## Activity
Transcribe exactly the lines that begin the material and continue through the line containing "exact: homog_mono.". Leave out whatever follows.
──────────────────────────────
Lemma homog_term r w : homog (degw w) (iota r * mono w).
Proof.
exists [:: (r, w)]; split; last by rewrite big_cons big_nil addr0.
by move=> p [<- | []].
Qed.

Lemma homog_mono w : homog (degw w) (mono w).
Proof. by rewrite -[mono w]mul1r -iota1; apply: homog_term. Qed.

Lemma homog_ind g (P : A -> Prop) :
  P 0 -> (forall a c, P a -> P c -> P (a + c)) ->
  (forall r w, degw w = g -> P (iota r * mono w)) ->
  forall a, homog g a -> P a.
Proof.
move=> P0 PD Pt a [s [Hs Ea]]; rewrite {a}Ea; elim: s Hs => [|p s IH] Hs; first by rewrite big_nil.
rewrite big_cons; apply: PD; first by apply: Pt; apply: Hs; left.
by apply: IH => q Hq; apply: Hs; right.
Qed.

Lemma homogM g h a c : homog g a -> homog h c -> homog (g + h) (a * c).
Proof.
move=> Ha Hc; move: a Ha; apply: homog_ind => [|a1 a2 H1 H2|r w <-].
- by rewrite mul0r; apply: homog0.
- by rewrite mulrDl; apply: homogD.
move: c Hc; apply: homog_ind => [|c1 c2 H1 H2|r' w' <-].
- by rewrite mulr0; apply: homog0.
- by rewrite mulrDr; apply: homogD.
have [r'' E] := mono_normalR w r'.
rewrite -mulrA (mulrA (mono w)) E -!mulrA mulrA -iotaM -mono_cat -degw_cat.
exact: homog_term.
Qed.

Lemma star_letter x : star (letter Xp Xm x) = letter Xp Xm (flip_letter x).
Proof. by case: x => i []; rewrite /letter /=. Qed.

Lemma homog_star_mono w : homog (- degw w) (star (mono w)).
Proof.
elim: w => [|x w IH].
  rewrite mono_nil -iota1 starI iota1 -mono_nil degw_nil oppr0 -(degw_nil n).
  exact: homog_mono.
rewrite mono_cons starM star_letter -(cat1s x) degw_cat opprD addrC.
rewrite -degw_flip_letter -[letter _ _ _]mulr1 -mono_nil -mono_cons.
exact: homogM IH (homog_mono _).
Qed.

Lemma homog_star g a : homog g a -> homog (- g) (star a).
Proof.
move: a; apply: homog_ind => [|a c Ha Hc|r w <-].
- by rewrite star0; apply: homog0.
- by rewrite starD; apply: homogD.
rewrite starM starI -[- degw w]addr0 -(degw_nil n) -[iota r]mulr1 -mono_nil.
exact: homogM (homog_star_mono w) (homog_term r [::]).
Qed.

Lemma homog_star_mul g a c : homog g a -> homog g c -> exists r, star a * c = iota r.
Proof.
move=> Ha Hc; apply: homog0_iota; rewrite -(addNr g).
exact: homogM (homog_star Ha) Hc.
Qed.

Lemma homog_mul_star g a c : homog g a -> homog g c -> exists r, a * star c = iota r.
Proof.
move=> Ha Hc; apply: homog0_iota; rewrite -(subrr g).
exact: homogM Ha (homog_star Hc).
Qed.

Lemma homog_summand_scale_neq0 (M : lmodType A) g a (v : M) :
  homog g a -> a *: v != 0 ->
  exists r w, degw w = g /\ (iota r * mono w) *: v != 0.
Proof.
move: a; apply: homog_ind => [|a c IHa IHc|r w Ew]; first by rewrite scale0r eqxx.
- rewrite scalerDl; have [/eqP -> | /IHa //] := boolP (a *: v == 0).
  by rewrite add0r => /IHc.
- by exists r, w.
Qed.

Section WeightVectors.
Variables (M : lmodType A) (m : R -> Prop).
Hypothesis m_max : is_max_ideal m.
──────────────────────────────
## Response to the exercise
Lemma homog_term r w : homog (degw w) (iota r * mono w).
Proof.
exists [:: (r, w)]; split; last by rewrite big_cons big_nil addr0.
by move=> p [<- | []].
Qed.

Lemma homog_mono w : homog (degw w) (mono w).
Proof. by rewrite -[mono w]mul1r -iota1; apply: homog_term. Qed.

Lemma homog_ind g (P : A -> Prop) :
  P 0 -> (forall a c, P a -> P c -> P (a + c)) ->
  (forall r w, degw w = g -> P (iota r * mono w)) ->
  forall a, homog g a -> P a.
Proof.
move=> P0 PD Pt a [s [Hs Ea]]; rewrite {a}Ea; elim: s Hs => [|p s IH] Hs; first by rewrite big_nil.
rewrite big_cons; apply: PD; first by apply: Pt; apply: Hs; left.
by apply: IH => q Hq; apply: Hs; right.
Qed.

Lemma homogM g h a c : homog g a -> homog h c -> homog (g + h) (a * c).
Proof.
move=> Ha Hc; move: a Ha; apply: homog_ind => [|a1 a2 H1 H2|r w <-].
- by rewrite mul0r; apply: homog0.
- by rewrite mulrDl; apply: homogD.
move: c Hc; apply: homog_ind => [|c1 c2 H1 H2|r' w' <-].
- by rewrite mulr0; apply: homog0.
- by rewrite mulrDr; apply: homogD.
have [r'' E] := mono_normalR w r'.
rewrite -mulrA (mulrA (mono w)) E -!mulrA mulrA -iotaM -mono_cat -degw_cat.
exact: homog_term.
Qed.

Lemma star_letter x : star (letter Xp Xm x) = letter Xp Xm (flip_letter x).
Proof. by case: x => i []; rewrite /letter /=. Qed.

Lemma homog_star_mono w : homog (- degw w) (star (mono w)).
Proof.
elim: w => [|x w IH].
  rewrite mono_nil -iota1 starI iota1 -mono_nil degw_nil oppr0 -(degw_nil n).
  exact: homog_mono.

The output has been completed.